The rephrase pins down an under-specified question before the model commits to an answer. Consider the difference:

"How do I handle this claim?""What are the coverage-determination steps for a water-damage claim under an HO-3 policy, and what documentation is required at each step?"

The answer to the second question is the one the user actually wanted. More broadly, the format and framing of a prompt is load-bearing in its own right: research on prompt-format sensitivity has shown that meaning-preserving changes to how a question is posed can move a model's accuracy by a startling margin. Reformulation is a deliberate use of that lever.

Two cautions

First, the cost is real — extra tokens and latency, plus a drift risk: if the restatement distorts the user's intent, the model then answers the wrong question confidently. Mitigate by showing the rephrase to the user so a misread can be corrected in one step, and by keeping the elaboration tight enough that it sharpens scope rather than swapping topics.
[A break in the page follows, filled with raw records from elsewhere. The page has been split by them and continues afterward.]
Theorem K4minus_factor_of_few_missing : has_K4minus_factor H.
Proof.
have sideB : (B \subset A) || (B \subset B) by rewrite subxx orbT.
have cB3 : #|B| = 3 * (2 * m) by rewrite cB mulnA.
have m2m : m <= 2 * m by rewrite leq_pmull.
have [PB [pPB trPB]] := triangle_factor_side sideB cB3 m2m.
have cPB : #|PB| = 2 * m.
  have := card_uniform_partition (fun T TP => (trPB T TP).1) pPB.
  by rewrite cB; lia.
set bad := [set a in A | m < #|[set T in PB | ~~ cone H a T]|].
have [X /subsetDP [XA dXbad] cX] :
    exists2 X : {set V}, X \subset A :\: bad & #|X| = 3 * m.
  apply: subset_of_card; rewrite cardsD cA.
  have := few_bad_apexes cB (conj pPB trPB); rewrite -/bad.
  have := subset_leq_card (subsetIr A bad); lia.
have cAX : #|A :\: X| = 3 * m by rewrite cardsD (setIidPr XA) cA cX; lia.
have sideAX : (A :\: X \subset A) || (A :\: X \subset B) by rewrite subsetDl.
have [PA [pPA trPA]] := triangle_factor_side sideAX cAX (leqnn m).
have eCX : B :|: (A :\: X) = ~: X.
  apply/setP => v; rewrite !inE; have := in_setT v; rewrite -UAB inE.
  case: (boolP (v \in X)) => [/(subsetP XA) vA _|_ /=]; last by rewrite orbC.
  by rewrite vA (disjointFr dAB vA).
pose P := PB :|: PA.
have pP : partition P (~: X).
  rewrite -eCX; apply: partitionU pPB pPA _.
  by apply: disjointWr (subsetDl A X) _; rewrite disjoint_sym.
have trP : {in P, forall T : {set V}, #|T| = 3 /\ clique (good_pair A H m) T}.
  by move=> T /setUP [/trPB|/trPA].
have cP : #|P| = 3 * m.
  have := card_uniform_partition (fun T TP => (trP T TP).1) pP.
  rewrite cardsCs setCK cX -cardsT -UAB cardsU (disjoint_setI0 dAB) cards0 cA cB.
  lia.
apply: (K4minus_factor_of_cones XA (subsetUl PB PA) cPB _ (conj pP trP)).
  move=> x xX; have := disjointFr dXbad xX.
  by rewrite inE (subsetP XA x xX) ltnNge => /negbFE.
by rewrite cX cP.
Qed.

End MissingEdges.

Lemma scaled_count_le (R : realFieldType) (alpha : R) (N K : nat) :
  (alpha < 1 / 10 ^+ 5)%R -> (N%:R <= alpha * K%:R)%R -> 10 ^ 5 * N <= K.
Proof.
move=> small le_NK; rewrite -(ler_nat R) natrM natrX.
have pos5 : (0 < 10 ^+ 5 :> R)%R by rewrite exprn_gt0 // ltr0n.
have small5 : (10 ^+ 5 * alpha < 1)%R by rewrite -ltr_pdivlMl // mulr1 -div1r.
apply: le_trans (ler_wpM2l (ltW pos5) le_NK) _.
by rewrite mulrA -[leRHS]mul1r ler_wpM2r ?ler0n // ltW.
Qed.

Theorem lemma6p1 (R : realFieldType) (alpha : R) :
  (0 < alpha)%R -> (alpha < 1 / 10 ^+ 5)%R ->
  exists m0 : nat, forall m : nat, m0 <= m ->
  forall (V : finType) (A B : {set V}) (H : {set {set V}}),
    is_3graph H -> [disjoint A & B] -> A :|: B = [set: V] ->
    #|A| = 6 * m -> #|B| = 6 * m ->
    (forall v : V, alpha_good alpha H (BAB A B) v) ->
    has_K4minus_factor H.
Proof.
move=> _ small; exists 0 => m _ V A B H _ dAB UAB cA cB good.
have cV : #|V| = 12 * m.
  by rewrite -cardsT -UAB cardsU (disjoint_setI0 dAB) cards0 cA cB; lia.
apply: (K4minus_factor_of_few_missing dAB UAB _ cA cB) => v.
have := scaled_count_le small (good v); rewrite cV expnMn /missing_edges; lia.
Qed.
Lemma Ph_covariant_eqmod {n b e} {V : 'M[algC]_(n.+1, 2)} {k : 'I_n.+1} :
  (0 < b)%N -> Dj n (Phmx b) *m V = V *m Phmx b ^+ e -> V k 0 != 0 ->
  (k + e = n - k %[mod 4 * b])%N.
Proof.
move=> b_gt0 /matrixP /(_ k 0) + Vk_neq0; rewrite mulmx_Dj_diag ?mxE //.
rewrite big_ord_recl big_ord1 Phmx_exp !mxE /= mulr0 addr0 [RHS]mulrC.
move=> /(mulIf Vk_neq0); rewrite !exprVn => E.
have z_prim := zeta_prim b_gt0.
have z_neq0 : zeta b != 0 by rewrite (prim_root_eq0 z_prim) muln_eq0 -lt0n b_gt0.
apply/eqP; rewrite -(eq_prim_root_expr z_prim) exprD; apply/eqP.
by rewrite -(mulVKf (expf_neq0 (n - k) z_neq0) (zeta b ^+ k)) E divfK ?expf_neq0.
Qed.

Lemma X_covariant_rev n (V : 'M[algC]_(n.+1, 2)) (k : 'I_n.+1) :
  Dj n Xmx *m V = V *m Xmx -> (V (rev_ord k) 1 != 0) = (V k 0 != 0).
Proof.
move=> /matrixP /(_ k 1); rewrite mulmx_Dj_antidiag ?mxE //.
rewrite big_ord_recl big_ord1 !mxE /= mulr0 addr0 => /(congr1 (fun x => x != 0)).
rewrite !mulf_eq0 !negb_or !expf_eq0 oppr_eq0 (negbTE (neq0Ci _)).
by rewrite !andbF /= andbT.
Qed.

Theorem lemma1 (b a n : nat) (hb : (0 < b)%N) (ha : (0 < a)%N) (hab : (a <= b)%N)
  (V : 'M[algC]_(n.+1, 2))
  (hiso : (map_mx (fun z : algC => z^*) V)^T *m V = 1%:M)
  (hcov : forall w : seq gen, Dj n (evalw b w) *m V = V *m delta_w a b w) :
  (forall m : rat, supp (fun k => V k 0) m ->
     exists z : int, m = ((2 * a)%N%:Q - 1) / 2 + (2 * b)%N%:Q * z%:~R) /\
  (forall m : rat, supp (fun k => V k 1) m <-> supp (fun k => V k 0) (- m)).
Proof.
have covPh : Dj n (Phmx b) *m V = V *m Phmx b ^+ (2 * a - 1).
  by have := hcov [:: GPh]; rewrite /evalw /delta_w /= !mulmx1.
have covX : Dj n Xmx *m V = V *m Xmx.
  by have := hcov [:: GX]; rewrite /evalw /delta_w /= !mulmx1.
split; last by apply: supp_rev => k; apply: X_covariant_rev.
move=> m [k [Vk_neq0 <-]].
have := Ph_covariant_eqmod hb covPh Vk_neq0; rewrite -[4%N]/(2 * 2)%N -mulnA.
move=> /mval_eqmod [z ->]; exists z.
by rewrite -subzn ?muln_gt0 // intrB.
Qed.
Second, do not confuse this with retrieval-side query rewriting. That move — common in RAG pipelines — rewrites a query to feed a retriever and is never shown to the user; its job is recall. The reformulation here is a reasoning-and-clarity move that is part of the visible answer. Same surface mechanic, opposite purpose and audience. A production system happily uses both: a retrieval rewrite to fetch documents, and a RaR-style rephrase to frame the answer.

Use it today

You don't need a pipeline to benefit. In your own interactions with any capable model, ask it to restate your question in a more detailed form and then answer it — or simply write the more detailed question yourself. In a product, a small reformulating agent in front of your main model is one of the cheapest accuracy upgrades available, provided you surface the rephrase and watch for drift. The magic was never a word. It was asking a better question.